(Beginning of Records provided)

(* Let $S$ be a semigroup and $a_1,a_2,\dotsc$ a sequence in $S$. Then $a_1,a_2,\dotsc$ has a proper sumsequence if and only if it has a sumsequence $b_1,b_2,\dotsc$ with $\bigcap_{n=1}^{\infty}\mathrm{FS}(b_n,b_{n+1},\dotsc)=\emptyset$.
   Context: Semigroups are written additively and are not assumed commutative. For a sequence $a_1,a_2,\dotsc$ and a finite nonempty index set $F=\{i_1<\dotsb<i_m\}\subseteq\mathbb N$, let $a_F:=a_{i_1}+\dotsb+a_{i_m}$. For finite index sets $F_1,F_2$, write $F_1<F_2$ if every element of $F_1$ is smaller than every element of $F_2$. A sumsequence of $a_1,a_2,\dotsc$ is a sequence $a_{F_1},a_{F_2},\dotsc$ for some sequence $F_1<F_2<\dotsb$ of nonempty finite index sets. A sequence is proper if $a_{F_1}\ne a_{F_2}$ for all nonempty finite index sets $F_1<F_2$. $\mathrm{FS}(b_n,b_{n+1},\dotsc)$ denotes the set of all sums $b_{i_1}+\dotsb+b_{i_m}$ with $m\ge1$ and $n\le i_1<\dotsb<i_m$. *)

From mathcomp Require Import all_boot.
Set Implicit Arguments. Unset Strict Implicit. Unset Printing Implicit Defensive.

(* A finite nonempty index set F = {i_1 < ... < i_m} is represented by the
   strictly increasing nonempty list [:: i_1; ...; i_m]. *)
Definition idxset (F : seq nat) : bool := (F != [::]) && sorted ltn F.

(* a_F = a_{i_1} + ... + a_{i_m} (in this order; op need not be commutative).
   The value on the empty list is an irrelevant default (never used, since
   every index set is required to be nonempty). *)
Definition fsum (S : Type) (op : S -> S -> S) (a : nat -> S) (F : seq nat) : S :=
  if F is i :: t then foldl (fun s j => op s (a j)) (a i) t else a 0.

Definition lt_set (F1 F2 : seq nat) : bool :=
  all (fun i => all (fun j => i < j) F2) F1.

Definition is_sumseq (S : Type) (op : S -> S -> S) (a b : nat -> S) : Prop :=
  exists F : nat -> seq nat,
    (forall n, idxset (F n)) /\ (forall n, lt_set (F n) (F n.+1)) /\
    (forall n, b n = fsum op a (F n)).

Definition proper_seq (S : Type) (op : S -> S -> S) (a : nat -> S) : Prop :=
  forall F1 F2, idxset F1 -> idxset F2 -> lt_set F1 F2 ->
    fsum op a F1 <> fsum op a F2.

Definition FS (S : Type) (op : S -> S -> S) (b : nat -> S) (n : nat) (x : S) : Prop :=
  exists F, idxset F /\ all (fun i => n <= i) F /\ x = fsum op b F.

(** If b is proper and x = b_F, then x lies in no tail FS(b_n, ...) with
    n > max F, since a representation there would give F < G with b_F = b_G.
    Conversely, if the tails of FS(b) have empty intersection, every x
    escapes some tail FS(b_(esc x), ...).  Only finitely many sums use
    indices below K, so one bound dominates all their escape indices; pick
    a subsequence c_k = b_(m k) whose gaps exceed these bounds.  For
    F1 < F2, the sum c_F2 then lies in the tail that c_F1 escapes, so
    c_F1 <> c_F2, and c is a proper sumsequence of a. *)

From Stdlib Require Import Classical IndefiniteDescription.
From mathcomp Require Import all_boot.

Set Implicit Arguments.
Unset Strict Implicit.
Unset Printing Implicit Defensive.

Lemma lt_set_trans G F H : G != [::] -> lt_set F G -> lt_set G H -> lt_set F H.
Proof.
case: G => // g G _ /allP FG /allP GH; apply/allP => i iF; apply/allP => j jH.
have /andP [ig _] := FG i iF.
exact: ltn_trans ig (allP (GH g (mem_head _ _)) j jH).
Qed.

Lemma lt_set_chain (F : nat -> seq nat) :
  (forall n, idxset (F n)) -> (forall n, lt_set (F n) (F n.+1)) ->
  forall i j, i < j -> lt_set (F i) (F j).
Proof.
move=> idxF ltF i; elim=> // j IHj; rewrite ltnS leq_eqVlt => /predU1P [-> | ltij].
  exact: ltF.
by apply: lt_set_trans (IHj ltij) (ltF j); case/andP: (idxF j).
Qed.

Lemma is_sumseq_comp (S : Type) (op : S -> S -> S) (a b : nat -> S) (m : nat -> nat) :
  {homo m : i j / i < j} -> is_sumseq op a b -> is_sumseq op a (b \o m).
Proof.
move=> m_incr [F [idxF [ltF bF]]]; exists (F \o m).
split=> [n | ]; first exact: idxF.
split=> n; last exact: bF.
exact: lt_set_chain idxF ltF _ _ (m_incr _ _ (ltnSn n)).
Qed.

Lemma fsum_comp (S : Type) (op : S -> S -> S) (a : nat -> S) (m : nat -> nat) F :
  F != [::] -> fsum op (a \o m) F = fsum op a (map m F).
Proof. by case: F => //= i t _; elim: t (a (m i)) => //= j t IHt s; apply: IHt. Qed.

Lemma idxset_map (m : nat -> nat) F :
  {homo m : i j / i < j} -> idxset F -> idxset (map m F).
Proof.
move=> m_incr /andP [F0 sortF]; apply/andP; split; first by case: F F0 sortF.
exact: homo_sorted m_incr _ sortF.
Qed.

Lemma subseq_iota_sorted (K : nat) (s : seq nat) :
  sorted ltn s -> all (fun i => i < K) s -> subseq s (iota 0 K).
Proof.
move=> sort_s /allP s_lt.
suff -> : s = [seq i <- iota 0 K | i \in s] by apply: filter_subseq.
apply: (irr_sorted_eq ltn_trans ltnn sort_s).
  exact: sorted_filter ltn_trans _ _ (iota_ltn_sorted 0 K).
move=> x; rewrite mem_filter mem_iota add0n /=.
by case xs: (x \in s); rewrite //= s_lt.
Qed.

Lemma proper_FS_tails_disjoint (S : Type) (op : S -> S -> S) (b : nat -> S) x :
  proper_seq op b -> ~ (forall n, FS op b n x).
Proof.
move=> properb inFS.
have [F [idxF [_ xF]]] := inFS 0.
have [G [idxG [geG xG]]] := inFS (\max_(i <- F) i).+1.
apply: (properb F G idxF idxG); last by rewrite -xF -xG.
apply/allP => i iF; apply/allP => j jG.
exact: leq_ltn_trans (leq_bigmax_seq (F := id) i iF isT) (allP geG j jG).
Qed.

Section SparseSubsequence.

Variables (S : Type) (op : S -> S -> S) (b : nat -> S) (esc : S -> nat).
Hypothesis escP : forall x, ~ FS op b (esc x) x.

Definition escape_bound K : nat :=
  \max_(t : K.-tuple bool) esc (fsum op b (mask t (iota 0 K))).

Lemma escape_bound_sup K F :
  sorted ltn F -> all (fun i => i < K) F -> esc (fsum op b F) <= escape_bound K.
Proof.
move=> sortF ltF; have /subseqP [m szm ->] := subseq_iota_sorted sortF ltF.
rewrite size_iota in szm.
exact: (@leq_bigmax _ (fun t : K.-tuple bool => esc (fsum op b (mask t (iota 0 K))))
  (@Tuple K bool m (introT eqP szm))).
Qed.

Fixpoint sparse_index k : nat :=
  if k is k'.+1 then sparse_index k' + 1 + escape_bound (sparse_index k' + 1)
  else 0.

Lemma sparse_index_incr : {homo sparse_index : i j / i < j}.
Proof. by apply: homo_ltn ltn_trans _ => k /=; rewrite addn1 ltnS leq_addr. Qed.

Lemma sparse_index_mono : {homo sparse_index : i j / i <= j}.
Proof. exact: ltnW_homo sparse_index_incr. Qed.

Lemma escape_sparse_sum p F :
  sorted ltn F -> all (fun i => i <= p) F ->
  esc (fsum op b (map sparse_index F)) <= sparse_index p.+1.
Proof.
move=> sortF leF; apply: leq_trans (leq_addl _ _).
apply: escape_bound_sup; first exact: homo_sorted sparse_index_incr _ sortF.
apply/allP => _ /mapP [i iF ->].
by rewrite addn1 ltnS sparse_index_mono ?(allP leF).
Qed.

Lemma proper_sparse : proper_seq op (b \o sparse_index).
Proof.
move=> F1 F2 idxF1 idxF2 ltF12.
have [F1_0 sortF1] := andP idxF1; have F2_0 := proj1 (andP idxF2).
rewrite (fsum_comp op b sparse_index F1_0) (fsum_comp op b sparse_index F2_0).
set x := fsum op b _ => xF2.
apply: (@escP x); exists (map sparse_index F2).
split; first exact: idxset_map sparse_index_incr idxF2.
split=> //; apply/allP => _ /mapP [j jF2 ->].
have ltF1j : all (fun i => i < j) F1.
  by apply/allP => i iF1; apply: (allP (allP ltF12 i iF1)).
case: j jF2 ltF1j => [|p] _ ltF1j; first by case: (F1) F1_0 ltF1j.
exact: escape_sparse_sum.
Qed.

End SparseSubsequence.

Lemma exists_escape_index (S : Type) (op : S -> S -> S) (b : nat -> S) :
  (forall x, ~ (forall n, FS op b n x)) ->
  exists esc : S -> nat, forall x, ~ FS op b (esc x) x.
Proof.
move=> noFS; apply: (functional_choice (fun x n => ~ FS op b n x)) => x.
exact: not_all_ex_not (noFS x).
Qed.

Theorem proposition2p3 (S : Type) (op : S -> S -> S) (op_assoc : associative op)
    (a : nat -> S) :
  (exists b : nat -> S, is_sumseq op a b /\ proper_seq op b) <->
  (exists b : nat -> S, is_sumseq op a b /\
     (forall x : S, ~ (forall n : nat, FS op b n x))).
Proof.
split=> [[b [sumb properb]] | [b [sumb noFS]]].
  by exists b; split=> // x; apply: proper_FS_tails_disjoint.
have [esc escP] := exists_escape_index noFS.
exists (b \o sparse_index op b esc); split.
  exact: is_sumseq_comp (sparse_index_incr op b esc) sumb.
exact: proper_sparse.
Qed.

(End of Records provided)

- _What is needed_: Output, from the data above, the lines from the line with "F != [::] -> fsum" to the line with "Definition escape_bound K" exactly as they stand, both ends included and nothing else.

- _Reply to the exercise_:
  F != [::] -> fsum op (a \o m) F = fsum op a (map m F).
Proof. by case: F => //= i t _; elim: t (a (m i)) => //= j t IHt s; apply: IHt. Qed.

Lemma idxset_map (m : nat -> nat) F :
  {homo m : i j / i < j} -> idxset F -> idxset (map m F).
Proof.
move=> m_incr /andP [F0 sortF]; apply/andP; split; first by case: F F0 sortF.
exact: homo_sorted m_incr _ sortF.
Qed.

Lemma subseq_iota_sorted (K : nat) (s : seq nat) :
  sorted ltn s -> all (fun i => i < K) s -> subseq s (iota 0 K).
Proof.
move=> sort_s /allP s_lt.
suff -> : s = [seq i <- iota 0 K | i \in s] by apply: filter_subseq.
apply: (irr_sorted_eq ltn_trans ltnn sort_s).
  exact: sorted_filter ltn_trans _ _ (iota_ltn_sorted 0 K).
move=> x; rewrite mem_filter mem_iota add0n /=.
by case xs: (x \in s); rewrite //= s_lt.
Qed.

Lemma proper_FS_tails_disjoint (S : Type) (op : S -> S -> S) (b : nat -> S) x :
  proper_seq op b -> ~ (forall n, FS op b n x).
Proof.
move=> properb inFS.
have [F [idxF [_ xF]]] := inFS 0.
have [G [idxG [geG xG]]] := inFS (\max_(i <- F) i).+1.
apply: (properb F G idxF idxG); last by rewrite -xF -xG.
apply/allP => i iF; apply/allP => j jG.
exact: leq_ltn_trans (leq_bigmax_seq (F := id) i iF isT) (allP geG j jG).
Qed.

Section SparseSubsequence.

Variables (S : Type) (op : S -> S -> S) (b : nat -> S) (esc : S -> nat).
Hypothesis escP : forall x, ~ FS op b (esc x) x.

Definition escape_bound K : nat :=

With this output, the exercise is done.